A design workshop has been organised on the initiative of the TKI Dinalog ICCOS* project to crack these logistical challenges using artificial intelligence (AI), aiming to minimise the mileage driven with empty or partly empty trailers. This used the design canvas that was developed in the TKI Dinalog** project ‘Autonomous Logistics Miners for Small and Medium-sized Businesses’. The University of Twente provided an introduction to AI in logistics at the workshop. Bullit Digital also demonstrated how data science techniques work, using various applications and software developed for Emons. Deltago took the role of facilitator, helping keep the process moving forwards and studying the adoption process.
Using artificial intelligence
This use case primarily used reinforcement learning techniques, for which data is not a requirement. The initial data processing used unsupervised learning to reduce the number of locations to clusters.
The case was then worked out in detail and the playing field, scoreboard and software agent were developed. The playing field is defined by the locations in the dataset. The scoreboard measures how well the software agent is doing, assessing the length of the trip, the frequency and the proportion of trips made when empty. The software agent was developed in Python and trained in Google Colab. The interim results have been visualised and documented. The software agent uses a neural network in which the knowledge is stored. One-hot encoding is used to let the software agent ‘see’ the playing field and thus the sequence of the journeys. The software agent also remembers the last five steps. This lets the software agent make a weighted decision based on actions from the past. The advantage actor critic is then used as a technique for training the software agent. It is a technique that is appropriate for this logistical challenge because it can predict both the value of the scenario being played and the potential benefit of an action.
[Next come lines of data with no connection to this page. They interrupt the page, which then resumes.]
(* Let $1\le p\le n-1$ and let $a\in R[t_1,\ldots,t_n]$ satisfy $s_p.a=a$. Then $T_pa=aT_p$ in $\mathcal H_{n,r}$.
   Context: Standing setup: $R$ is an integral domain, $n\ge 2$, $r\ge 1$, and $q,u_1,\ldots,u_r\in R$ with $q$ invertible in $R$ and $\Delta:=\prod_{1\le j<i\le r}(u_i-u_j)$ invertible in $R$. For $1\le c\le r$ let $F_c(X)\in R[X]$ be the unique polynomial of degree $\le r-1$ with $F_c(u_{c'})=\delta_{c,c'}\Delta$ for all $1\le c'\le r$. The modified Ariki–Koike (Shoji) algebra $\mathcal H_{n,r}=\mathcal H_{n,r}(R,q,u_1,\ldots,u_r)$ is the associative $R$-algebra generated by $t_1,\ldots,t_n,T_1,\ldots,T_{n-1}$ subject to: $(T_i-q)(T_i+q^{-1})=0$; $(t_i-u_1)\cdots(t_i-u_r)=0$; $T_iT_{i+1}T_i=T_{i+1}T_iT_{i+1}$; $T_iT_j=T_jT_i$ for $|i-j|\ge2$; $t_it_j=t_jt_i$; $T_jt_k=t_kT_j$ for $k\ne j,j+1$; and for $2\le j\le n$: $T_{j-1}t_j=t_{j-1}T_{j-1}+\Delta^{-2}\sum_{1\le c_1<c_2\le r}(u_{c_2}-u_{c_1})(q-q^{-1})F_{c_1}(t_{j-1})F_{c_2}(t_j)$ and $T_{j-1}t_{j-1}=t_jT_{j-1}-\Delta^{-2}\sum_{1\le c_1<c_2\le r}(u_{c_2}-u_{c_1})(q-q^{-1})F_{c_1}(t_{j-1})F_{c_2}(t_j)$. $R[t_1,\ldots,t_n]$ is the (commutative) subalgebra generated by the $t_i$; it is isomorphic to $R[X_1,\ldots,X_n]/(\prod_{j=1}^r(X_i-u_j):1\le i\le n)$, and the symmetric group $\mathfrak S(n)$ acts on it by $R$-algebra automorphisms via $w.t_i=t_{w(i)}$. $s_p\in\mathfrak S(n)$ is the simple transposition $(p\ p+1)$. *)

From HB Require Import structures.
From mathcomp Require Import all_boot all_order all_algebra all_fingroup.
From mathcomp Require Import mpoly.
Set Implicit Arguments. Unset Strict Implicit. Unset Printing Implicit Defensive.
Import GRing.Theory.
Local Open Scope ring_scope.

(* Conventions (0-based indices):
   t i  (i : 'I_n)            stands for the paper's t_{i+1};
   T i  (i : 'I_n, i.+1 < n)   stands for the paper's T_{i+1};
   T i for i = n-1 is NOT a generator and is left unconstrained. *)

Definition Delta (R : comNzRingType) (r : nat) (u : 'I_r -> R) : R :=
  \prod_(i < r) \prod_(j < r | (j < i)%N) (u i - u j).

Definition peval (R : comNzRingType) (A : algType R) (f : {poly R}) (x : A) : A :=
  \sum_(i < size f) f`_i *: x ^+ i.

Definition is_F_family (R : comNzRingType) (r : nat) (u : 'I_r -> R)
    (F : 'I_r -> {poly R}) : Prop :=
  forall c : 'I_r, (size (F c) <= r)%N /\
    forall c' : 'I_r, (F c).[u c'] = (c == c')%:R * Delta u.

Definition corr (R : comUnitRingType) (A : algType R) (r : nat) (q : R)
    (u : 'I_r -> R) (F : 'I_r -> {poly R}) (x y : A) : A :=
  \sum_(c1 < r) \sum_(c2 < r | (c1 < c2)%N)
     ((Delta u)^-2 * (u c2 - u c1) * (q - q^-1)) *: (peval (F c1) x * peval (F c2) y).


(* The elements t, T of the R-algebra A satisfy the defining relations of the
   modified Ariki-Koike algebra H_{n,r}(R,q,u_1..u_r). *)
Definition AK_relations (R : comUnitRingType) (A : algType R) (n r : nat)
    (q : R) (u : 'I_r -> R) (F : 'I_r -> {poly R})
    (t : 'I_n -> A) (T : 'I_n -> A) : Prop :=
  (forall i : 'I_n, (i.+1 < n)%N -> (T i - q%:A) * (T i + (q^-1)%:A) = 0) /\
  (forall i : 'I_n, \prod_(c < r) (t i - (u c)%:A) = 0) /\
  (forall i j : 'I_n, val j = i.+1 -> (j.+1 < n)%N ->
      T i * T j * T i = T j * T i * T j) /\
  (forall i j : 'I_n, (i.+1 < n)%N -> (j.+1 < n)%N ->
      ((i.+2 <= j)%N || (j.+2 <= i)%N) -> T i * T j = T j * T i) /\
  (forall i j : 'I_n, t i * t j = t j * t i) /\
  (forall j k : 'I_n, (j.+1 < n)%N -> val k != val j -> val k != j.+1 ->
      T j * t k = t k * T j) /\
  (* for 2 <= j <= n (here i = j-2, i' = j-1 in 0-based indexing) :
     T_{j-1} t_j = t_{j-1} T_{j-1} + corr(t_{j-1}, t_j)
     T_{j-1} t_{j-1} = t_j T_{j-1} - corr(t_{j-1}, t_j) *)
  (forall i i' : 'I_n, val i' = i.+1 ->
      T i * t i' = t i * T i + corr q u F (t i) (t i') /\
      T i * t i = t i' * T i - corr q u F (t i) (t i')).

Definition in_AK_ideal (R : comNzRingType) (n r : nat) (u : 'I_r -> R)
    (P : {mpoly R[n]}) : Prop :=
  exists c : 'I_n -> {mpoly R[n]},
    P = \sum_(i < n) c i * \prod_(j < r) ('X_i - (u j)%:MP).

From HB Require Import structures.
From mathcomp Require Import all_boot all_order all_algebra all_fingroup.
From mathcomp Require Import mpoly.
Import GRing.Theory.
Local Open Scope ring_scope.

(* Write x = t_p, y = t_{p+1}.  Since F_c vanishes at every u_c' with c' <> c,
   one has F_c(x) x = u_c F_c(x); hence the correction term of the defining
   relations factors as corr(x, y) = k (y - x) with
     k = Delta^-2 (q - q^-1) sum_{c1<c2} F_c1(x) F_c2(y),
   an element commuting with all the t_i.  The relations then say that T_p
   acts on the generators as a "twisted derivation":
     T_p t_i = t_{s_p(i)} T_p + k (t_i - t_{s_p(i)}),
   and this identity propagates multiplicatively (a Leibniz rule) and linearly
   to every g in R[t_1..t_n]:  T_p g = (s_p.g) T_p + k (g - s_p.g).
   For a symmetric a the last term vanishes, which is the theorem.  Elements
   of R[t_1..t_n] are represented by polynomials P evaluated at t; the
   hypothesis "s_p.a = a" is that P - s_p.P lies in the ideal of relations,
   which evaluation at t kills. *)

Lemma peval_horner (R : comNzRingType) (A : algType R) (f : {poly R}) (x : A) :
  peval f x = horner_alg x f.
Proof.
rewrite /peval /horner_alg /horner_morph (horner_coef_wide (n:=size f)) ?size_poly //.
by apply: eq_bigr => i _; rewrite coef_map /= mulr_algl.
Qed.

(* Any single difference u_b - u_a (a < b) divides Delta, hence is a unit. *)
Lemma Delta_unit_pair (R : comUnitRingType) (r : nat) (u : 'I_r -> R) (a b : 'I_r) :
  Delta u \is a GRing.unit -> (a < b)%N -> u b - u a \is a GRing.unit.
Proof.
move=> DU ab; move: DU; rewrite /Delta (bigD1 b) //= unitrM => /andP[Hb _].
by move: Hb; rewrite (bigD1 a) //= unitrM => /andP[].
Qed.

Lemma uniq_roots_u (R : comUnitRingType) (r : nat) (u : 'I_r -> R) :
  Delta u \is a GRing.unit -> uniq_roots [seq u c | c <- enum 'I_r].
Proof.
move=> DU.
have: pairwise (fun a b : 'I_r => (a < b)%N) (enum 'I_r).
  rewrite -(pairwise_map val (fun a b => (a < b)%N)) val_enum_ord.
  by rewrite -sorted_pairwise ?iota_ltn_sorted //; exact: ltn_trans.
elim: (enum 'I_r) => [|a s IH] //= /andP[Ha Hs].
rewrite IH // andbT all_map; apply: sub_all Ha => b ab /=.
by rewrite /diff_roots mulrC eqxx Delta_unit_pair.
Qed.

(* If prod_c (x - u_c) = 0 then F_c(x) x = u_c F_c(x): the polynomial
   F_c (X - u_c) vanishes at all u_c', so it is a multiple of prod_c' (X - u_c'). *)
Lemma peval_F_mul {R : idomainType} {A : algType R} {r : nat} {u : 'I_r -> R}
  {F : 'I_r -> {poly R}} {x : A} (c : 'I_r) :
  Delta u \is a GRing.unit -> is_F_family u F ->
  \prod_(c < r) (x - (u c)%:A) = 0 ->
  peval (F c) x * x = u c *: peval (F c) x.
Proof.
move=> DU HF Hx.
have [Q HQ] : exists Q, F c * ('X - (u c)%:P) =
    Q * \prod_(z <- [seq u c | c <- enum 'I_r]) ('X - z%:P).
  apply: uniq_roots_prod_XsubC; last exact: uniq_roots_u.
  apply/allP => z /mapP [j _ ->]; rewrite /root hornerM hornerXsubC (proj2 (HF c) j).
  by have [->|ne] := eqVneq c j; rewrite ?eqxx ?subrr ?mulr0 ?mul0r.
move/(congr1 (horner_alg x)): HQ.
rewrite !rmorphM /= rmorphB /= horner_algX horner_algC big_map big_enum /= rmorph_prod /=.
under eq_bigr do rewrite rmorphB /= horner_algX horner_algC.
by rewrite Hx mulr0 -peval_horner mulrBr mulr_algr => /eqP; rewrite subr_eq0 => /eqP.
Qed.

Lemma comm_peval {R : comNzRingType} {A : algType R} (f : {poly R}) {a b : A} :
  GRing.comm a b -> GRing.comm a (peval f b).
Proof.
move=> ab; apply: commr_sum => i _.
by rewrite /GRing.comm -scalerAr -scalerAl (commrX i ab).
Qed.

(* The correction term divided by (y - x). *)
Definition corr_quot {R : comUnitRingType} {A : algType R} {r : nat} (q : R)
    (u : 'I_r -> R) (F : 'I_r -> {poly R}) (x y : A) : A :=
  \sum_(c1 < r) \sum_(c2 < r | (c1 < c2)%N)
     ((Delta u)^-2 * (q - q^-1)) *: (peval (F c1) x * peval (F c2) y).

Section CorrectionTerm.
Context {R : idomainType} {A : algType R} {r : nat} {q : R} {u : 'I_r -> R}.
Context {F : 'I_r -> {poly R}} {x y : A}.

Lemma comm_corr_quot (z : A) :
  GRing.comm z x -> GRing.comm z y -> GRing.comm z (corr_quot q u F x y).
Proof.
move=> zx zy; apply: commr_sum => c1 _; apply: commr_sum => c2 _.
rewrite /GRing.comm -scalerAr -scalerAl; congr (_ *: _).
by apply: commrM; apply: comm_peval.
Qed.

Lemma corr_factor :
  Delta u \is a GRing.unit -> is_F_family u F -> GRing.comm x y ->
  \prod_(c < r) (x - (u c)%:A) = 0 -> \prod_(c < r) (y - (u c)%:A) = 0 ->
  corr q u F x y = corr_quot q u F x y * (y - x).
Proof.
move=> DU HF xy x0 y0; rewrite /corr /corr_quot mulr_suml; apply: eq_bigr => c1 _.
rewrite mulr_suml; apply: eq_bigr => c2 _.
have E : peval (F c1) x * peval (F c2) y * (y - x) =
    (u c2 - u c1) *: (peval (F c1) x * peval (F c2) y).
  rewrite mulrBr -!mulrA (peval_F_mul _ DU HF y0).
  rewrite -(comm_peval (F c2) xy) mulrA (peval_F_mul _ DU HF x0).
  by rewrite -scalerAr -scalerAl -scalerBl.
by rewrite -scalerAl E scalerA mulrAC.
Qed.

End CorrectionTerm.

Lemma big_prod_split_comm (A : pzRingType) (I : Type) (s : seq I) (a b : I -> A) :
  (forall i j, GRing.comm (b i) (a j)) ->
  \prod_(i <- s) (a i * b i) = (\prod_(i <- s) a i) * (\prod_(i <- s) b i).
Proof.
move=> ba; elim: s => [|x s IH]; first by rewrite !big_nil mulr1.
rewrite !big_cons IH -!mulrA; congr (_ * _); rewrite !mulrA; congr (_ * _).
by apply: commr_prod => j _; apply: ba.
Qed.

Section CommutingEvaluation.
Context {R : comNzRingType} {A : algType R} {n : nat} {t : 'I_n -> A}.
Hypothesis t_comm : forall i j, GRing.comm (t i) (t j).

Local Notation phi := (mmap (in_alg A) t).

Lemma mmap1D (m1 m2 : 'X_{1..n}) : mmap1 t (m1 + m2)%MM = mmap1 t m1 * mmap1 t m2.
Proof.
rewrite /mmap1 -big_prod_split_comm.
  by apply: eq_bigr => i _; rewrite mnmDE exprD.
by move=> i j; apply/commrX/commr_sym/commrX.
Qed.

Lemma mmapM (P Q : {mpoly R[n]}) : phi (P * Q) = phi P * phi Q.
Proof.
elim/mpolyind: P => [|c m P _ _ IH]; first by rewrite mul0r !mmap0 mul0r.
rewrite mulrDl !mmapD IH mulrDl; congr (_ + _).
rewrite -scalerAl !mmapZ mmapX -mulrA; congr (_ * _); clear IH.
elim/mpolyind: Q => [|c' m' Q _ _ IHQ]; first by rewrite mulr0 !mmap0 mulr0.
rewrite mulrDr !mmapD IHQ mulrDr; congr (_ + _).
by rewrite -scalerAr !mmapZ -mpolyXD !mmapX mmap1D /= !mulr_algl scalerAr.
Qed.

Lemma mmap1P : phi 1 = 1.
Proof. by rewrite -mpolyC1 mmapC /= scale1r. Qed.

Lemma mmapXi (i : 'I_n) : phi 'X_i = t i.
Proof. by rewrite mmapX mmap1U. Qed.

Lemma comm_mmap (z : A) :
  (forall i, GRing.comm z (t i)) -> forall P : {mpoly R[n]}, GRing.comm z (phi P).
Proof.
move=> zt; elim/mpolyind => [|c m P _ _ IH]; first by rewrite mmap0; apply: commr0.
rewrite mmapD mmapZ mmapX; apply: commrD => //.
apply: commrM; first by apply: commr_sym; apply: comm_alg.
by apply: commr_prod => i _; apply: commrX.
Qed.

End CommutingEvaluation.

Lemma mmap_AK_ideal {R : comNzRingType} {A : algType R} {n r : nat} {u : 'I_r -> R}
    {t : 'I_n -> A} {Q : {mpoly R[n]}} :
  (forall i j, GRing.comm (t i) (t j)) ->
  (forall i, \prod_(c < r) (t i - (u c)%:A) = 0) ->
  in_AK_ideal u Q -> mmap (in_alg A) t Q = 0.
Proof.
move=> t_comm t_root [c ->]; rewrite raddf_sum /= big1 // => i _.
rewrite mmapM // (big_morph _ (mmapM t_comm) mmap1P).
under eq_bigr do rewrite mmapB mmapC mmapXi.
by rewrite t_root mulr0.
Qed.

Lemma twisted_leibniz (A : pzRingType) (T k a a' b b' : A) :
  GRing.comm k a' ->
  T * a = a' * T + k * (a - a') -> T * b = b' * T + k * (b - b') ->
  T * (a * b) = (a' * b') * T + k * (a * b - a' * b').
Proof.
move=> ka' Ta Tb.
rewrite mulrA Ta mulrDl -mulrA Tb mulrDr !mulrA -ka' -!mulrA -addrA -mulrDr.
by congr (_ + k * _); rewrite mulrBr mulrBl addrC addrA subrK.
Qed.

Section TwistedDerivation.
Context {R : comNzRingType} {A : algType R} {n : nat} {t : 'I_n -> A}.
Context {s : 'S_n} {T k : A}.
Hypothesis t_comm : forall i j, GRing.comm (t i) (t j).
Hypothesis k_comm : forall i, GRing.comm k (t i).
Hypothesis T_t : forall i, T * t i = t (s i) * T + k * (t i - t (s i)).

Local Notation phi := (mmap (in_alg A) t).

Let twisted (P : {mpoly R[n]}) : Prop :=
  T * phi P = phi (msym s P) * T + k * (phi P - phi (msym s P)).

Let twisted_mul P Q : twisted P -> twisted Q -> twisted (P * Q).
Proof.
rewrite /twisted msymM !mmapM //; apply: twisted_leibniz.
exact: comm_mmap.
Qed.

Let twisted_one : twisted 1.
Proof. by rewrite /twisted msym1 mmap1P subrr mulr0 addr0 mulr1 mul1r. Qed.

Let twisted_var i : twisted 'X_i.
Proof.
rewrite /twisted; have -> : msym s ('X_i : {mpoly R[n]}) = 'X_(s i).
  by rewrite /msym mmapX mmap1U.
by rewrite !mmapXi.
Qed.

Let twisted_monomial (m : 'X_{1..n}) : twisted 'X_[m].
Proof.
rewrite mpolyXE_id; apply: (big_ind twisted twisted_one twisted_mul) => i _.
elim: (m i) => [|e IHe]; first by rewrite expr0.
by rewrite exprS; apply: twisted_mul (twisted_var i) IHe.
Qed.

Let twisted_lin c P Q : twisted P -> twisted Q -> twisted (c *: P + Q).
Proof.
rewrite /twisted msymD msymZ !mmapD !mmapZ /= !mulr_algl => TP TQ.
rewrite mulrDr -scalerAr TP TQ mulrDl -scalerAl opprD addrACA -scalerBr.
by rewrite [k * (c *: _ + _)]mulrDr -scalerAr scalerDr addrACA.
Qed.

Lemma twisted_derivation (P : {mpoly R[n]}) :
  T * phi P = phi (msym s P) * T + k * (phi P - phi (msym s P)).
Proof.
elim/mpolyind: P => [|c m P _ _ IH]; last exact: twisted_lin (twisted_monomial m) IH.
by rewrite msym0 !mmap0 subrr !mulr0 mul0r addr0.
Qed.

End TwistedDerivation.

Theorem lemma2p6 (R : idomainType) (n r : nat) (q : R) (u : 'I_r -> R)
    (F : 'I_r -> {poly R}) (A : algType R) (t T : 'I_n -> A)
    (p p' : 'I_n) (P : {mpoly R[n]}) :
  (2 <= n)%N -> (1 <= r)%N ->
  q \is a GRing.unit -> Delta u \is a GRing.unit ->
  is_F_family u F ->
  AK_relations q u F t T ->
  val p' = p.+1 ->
  in_AK_ideal u (P - msym (tperm p p') P) ->
  T p * mmap (in_alg A) t P = mmap (in_alg A) t P * T p.
Proof.
move=> _ _ _ DU HF [_ [t_root [_ [_ [t_comm [T_far T_adj]]]]]] p'E P_sym.
have [T_p' T_p] := T_adj p p' p'E.
pose k := corr_quot q u F (t p) (t p').
have k_comm i : GRing.comm k (t i) by apply/commr_sym/comm_corr_quot.
have corrE : corr q u F (t p) (t p') = k * (t p' - t p) by apply: corr_factor.
have T_t i : T p * t i = t (tperm p p' i) * T p + k * (t i - t (tperm p p' i)).
  have [->|ip] := eqVneq i p; first by rewrite tpermL T_p corrE -mulrN opprB.
  have [->|ip'] := eqVneq i p'; first by rewrite tpermR T_p' corrE.
  rewrite tpermD 1?eq_sym // subrr mulr0 addr0; apply: T_far => //.
    by rewrite -p'E ltn_ord.
  by rewrite -p'E.
have P_fixed : mmap (in_alg A) t (msym (tperm p p') P) = mmap (in_alg A) t P.
  by apply/eqP; rewrite eq_sym -subr_eq0 -mmapB (mmap_AK_ideal t_comm t_root P_sym).
by rewrite (twisted_derivation t_comm k_comm T_t) P_fixed subrr mulr0 addr0.
Qed.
That lets the software agent come up with a better estimate of the most appropriate action to take.
Results of the design workshop
- Forty-nine ideas were thought up for using AI at Emons.
- Five of those ideas were worked out in greater detail using the design canvas, with the Smart Tendering application then being chosen.
- A software agent was developed that helps the commercial planner find interesting routes.
- Knowledge of AI and an understanding of its broader application are now considerably better.
- Applications can be found easily and then converted into working prototypes in four to six weeks.
- It is essential to create a multidisciplinary group in which the user, the process, the data and IT are all represented.
- Visualising the steps needed for making the software agent and the documentation is important.
- The size of the step needed for use in practice is determined by the integration capabilities of the source systems.
As part of the ICCOS project, the proof-of-concept phase at Emons is being followed and a team is being put together. The project partners are developing a platform for reinforcement learning in the NWO (Netherlands Organisation for Scientific Research) Accelerator project, based on the Open Trip Model, along with supporting educational resources and training courses. Using this approach, the project partners have laid the foundations for more detailed fleshing out of AI applications in the logistics chain.
This case and proof of concept were carried out at Emons by Bullit Digital in collaboration with the University of Twente and Deltago.
A detailed report on this use case is available on the TKI Dinalog website.
For general information, go to the ICCOS project page.
* ICCOS stands for ‘Industry 4.0-driven Supply Chain Coordination for Small and Medium-sized Enterprises’.
** TKI Dinalog is the consortium for top-quality expertise and innovation in which companies, centres of expertise and governmental authorities are working on the Topsector Logistiek (Logistics Key Sector) innovation programme.